> [TASK DESCRIPTION]: Looking at the listing beneath, work out how many lines hold "then" and report only that figure.

════════════════

Lemma prim_root_sum_expr (z : F) (j j' : 'I_n) : n.-primitive_root z ->
  \sum_(i < n) (z ^+ j / z ^+ j') ^+ i = ((j == j') * n)%:R.
Proof.
move=> z_prim; have zX_neq0 k : z ^+ k != 0.
  by rewrite expf_neq0 // (prim_root_eq0 z_prim) -lt0n (prim_order_gt0 z_prim).
have [<-|j_neq] := eqVneq j j'.
  rewrite divff // mul1n; under eq_bigr do rewrite expr1n.
  by rewrite sumr_const card_ord.
apply: unity_root_sum_eq0.
  rewrite exprMn exprVn -!exprM !(mulnC _ n) !exprM (prim_expr_order z_prim).
  by rewrite !expr1n invr1 mulr1.
apply: contra j_neq => /eqP/divr1_eq/eqP.
by rewrite (eq_prim_root_expr z_prim) !modn_small.
Qed.

End UnityRoots.

Section CharPoly.
Variable K : comUnitRingType.

Lemma char_poly_similar n (P A B : 'M[K]_n) :
  P \in unitmx -> P *m A = B *m P -> char_poly A = char_poly B.
Proof.
move=> P_unit PA_BP; have -> : A = invmx P *m B *m P by rewrite -mulmxA -PA_BP mulKmx.
rewrite /char_poly /char_poly_mx.
have -> : 'X%:M - map_mx polyC (invmx P *m B *m P) =
    map_mx polyC (invmx P) *m ('X%:M - map_mx polyC B) *m map_mx polyC P.
  rewrite mulmxBr mulmxBl !map_mxM -!mulmxA; congr (_ - _).
  by rewrite mul_scalar_mx -scalemxAr -map_mxM mulVmx // map_mx1 scalemx1.
by rewrite !det_mulmx mulrC mulrA -det_mulmx -map_mxM mulmxV // map_mx1 det1 mul1r.
Qed.

Lemma char_poly_diag n (d : 'rV[K]_n) : char_poly (diag_mx d) = \prod_i ('X - (d 0 i)%:P).
Proof.
rewrite char_poly_trig ?diag_mx_is_trig //.
by apply: eq_bigr => i _; rewrite mxE eqxx mulr1n.
Qed.

End CharPoly.

Lemma mup_prod_XsubC_fin (T : finType) (F : fieldType) (f : T -> F) a :
  mup a (\prod_x ('X - (f x)%:P)) = (\sum_x (f x == a))%N.
Proof.
rewrite -(big_map f xpredT (fun y => 'X - y%:P)) mu_prod_XsubC count_map -sum1_count big_mkcond.
by apply: eq_bigr => x _ /=; case: (f x == a).
Qed.

Section EnumMatrix.
Variables (T : finType) (K : pzRingType).

Definition enum_mx (f : T -> T -> K) : 'M[K]_#|T| := \matrix_(a, b) f (enum_val a) (enum_val b).

Lemma enum_mxM f g : enum_mx f *m enum_mx g = enum_mx (fun x y => \sum_z f x z * g z y).
Proof.
apply/matrixP => a b; rewrite mxE [RHS]mxE.
rewrite (big_enum_val (fun z => f (enum_val a) z * g z (enum_val b))).
by apply: eq_bigr => c _; rewrite !mxE.
Qed.

Lemma enum_mx1 : enum_mx (fun x y => (x == y)%:R) = 1%:M.
Proof. by apply/matrixP => a b; rewrite !mxE (inj_eq enum_val_inj). Qed.

End EnumMatrix.

Section ComplexExponential.
Variable R : realType.

Definition expi (x : R) : R[i] := Complex (cos x) (sin x).

Lemma expiD x y : expi (x + y) = expi x * expi y.
Proof. by rewrite /expi cosD sinD; apply/eqP; rewrite eq_complex /= !eqxx /= addrC. Qed.

Lemma expi0 : expi 0 = 1.
Proof. by rewrite /expi cos0 sin0. Qed.

Lemma expi_2pi : expi (pi *+ 2) = 1.
Proof. by rewrite /expi cos2pi sin2pi. Qed.

Lemma expiMn x k : expi x ^+ k = expi (x *+ k).
Proof.
elim: k => [|k IHk]; first by rewrite expr0 mulr0n expi0.
by rewrite exprS IHk mulrS expiD.
Qed.

Lemma expiN x : expi (- x) = (expi x)^-1.
Proof. by apply/esym/mulr1_eq; rewrite -expiD subrr expi0. Qed.

Lemma expi_addV x : expi x + (expi x)^-1 = real_complex R (2 * cos x).
Proof.
rewrite -expiN /expi cosN sinN; apply/eqP; rewrite eq_complex /=.
by rewrite subrr mulr2n mulrDl mul1r !eqxx.
Qed.

Lemma cos_lt1 (x : R) : 0 < x < pi *+ 2 -> cos x < 1.
Proof.
move=> /andP[x_gt0 x_lt2pi]; have -> : x = (x / 2) *+ 2 by rewrite -mulr_natr divfK.
rewrite cos_mulr2n cos2sin2.
have : 0 < sin (x / 2) by apply: sin_gt0_pi; apply/andP; split; lra.
by move=> sin_gt0; have := exprn_gt0 2 sin_gt0; lra.
Qed.

End ComplexExponential.

Section Omega.
Variables (R : realType) (m : nat).
Hypothesis m_gt0 : (0 < m)%N.

Definition theta (j : nat) : R := 2 * pi * j%:R / m%:R.

Definition omega : R[i] := expi (theta 1).

Lemma omegaX j : omega ^+ j = expi (theta j).
Proof. by rewrite /omega expiMn /theta; congr expi; rewrite -mulr_natr; ring. Qed.

Lemma omega_prim : m.-primitive_root omega.
Proof.
have m_neq0 : (m%:R : R) != 0 by rewrite pnatr_eq0 -lt0n.
apply/andP; split => //; apply/forallP => i; apply/eqP; rewrite unity_rootE omegaX.
have [i_lt|i_gt|->] := ltngtP i.+1 m; last 2 first.
- by have := ltn_ord i; lia.
- by rewrite /theta -mulrA divff // mulr1 mulr_natl expi_2pi !eqxx.
apply/negbTE/eqP => -[cos_eq1 _].
have : 0 < theta i.+1 < pi *+ 2.
  have -> : theta i.+1 = pi *+ 2 * (i.+1%:R / m%:R) by rewrite /theta; ring.
  have r_gt0 : 0 < i.+1%:R / m%:R :> R by rewrite divr_gt0 ?ltr0n.
  have r_lt1 : i.+1%:R / m%:R < 1 :> R by rewrite ltr_pdivrMr ?ltr0n // mul1r ltr_nat.
  by have pi_pos := pi_gt0 R; apply/andP; split; nra.
by move/cos_lt1; rewrite cos_eq1 ltxx.
Qed.

Lemma omegaXm j : (omega ^+ j) ^+ m = 1.
Proof. by rewrite exprAC (prim_expr_order omega_prim) expr1n. Qed.

Lemma omegaX_ordS j (k : 'I_m) : (omega ^+ j) ^+ ordS k = (omega ^+ j) ^+ k * omega ^+ j.
Proof. exact: expr_ordS (omegaXm j). Qed.

Lemma omegaX_ord_pred j (k : 'I_m) : (omega ^+ j) ^+ ord_pred k = (omega ^+ j) ^+ k / omega ^+ j.
Proof. exact: expr_ord_pred (omegaXm j). Qed.

Lemma omegaX_addV j : omega ^+ j + (omega ^+ j)^-1 = real_complex R (2 * cos (theta j)).
Proof. by rewrite omegaX expi_addV. Qed.
(* Split f = h g, where h is the (real) product of the linear factors of the
   real roots of f and g = P1 + i Q1 the product over the non-real roots z, so
   that P = h P1 and Q = h Q1.  For real x, g(x) = rho(x) e^(i Theta(x)) with
   rho > 0 and Theta = sum_z arg (x - z) continuous, Theta -> 0 at +oo and
   Theta -> (n_- - n_+) pi at -oo.  By the intermediate value theorem Theta
   crosses, in order, the levels e k pi/2 for 0 < k < 2K, where
   K = |n_- - n_+| and e is the sign of n_- - n_+; the odd levels are zeros of
   P1 = rho cos Theta and the even ones zeros of Q1 = rho sin Theta, so these
   zeros strictly interlace.  The limit of P/Q at
   -oo (resp. +oo) fixes the sign of cos Theta sin Theta there, which forces
   one more crossing, of K pi (resp. 0): the extra zero nu_0 (resp. nu_d) of Q.
   Every real root of f is a common root of P and Q; inserting it twice into
   the chain keeps the interlacing, in the weak sense.  The second statement
   follows from the first applied to the roots -i z, which turns f into
   P - i Q and exchanges the roles of real and imaginary parts. *)

Section EveryOther.
Variable T : Type.

Fixpoint every_other (b : bool) (s : seq T) : seq T :=
  if s is x :: s' then
    if b then x :: every_other (~~ b) s' else every_other (~~ b) s'
  else [::].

════════════════

> [OUTPUT OF THE EXERCISE]: 2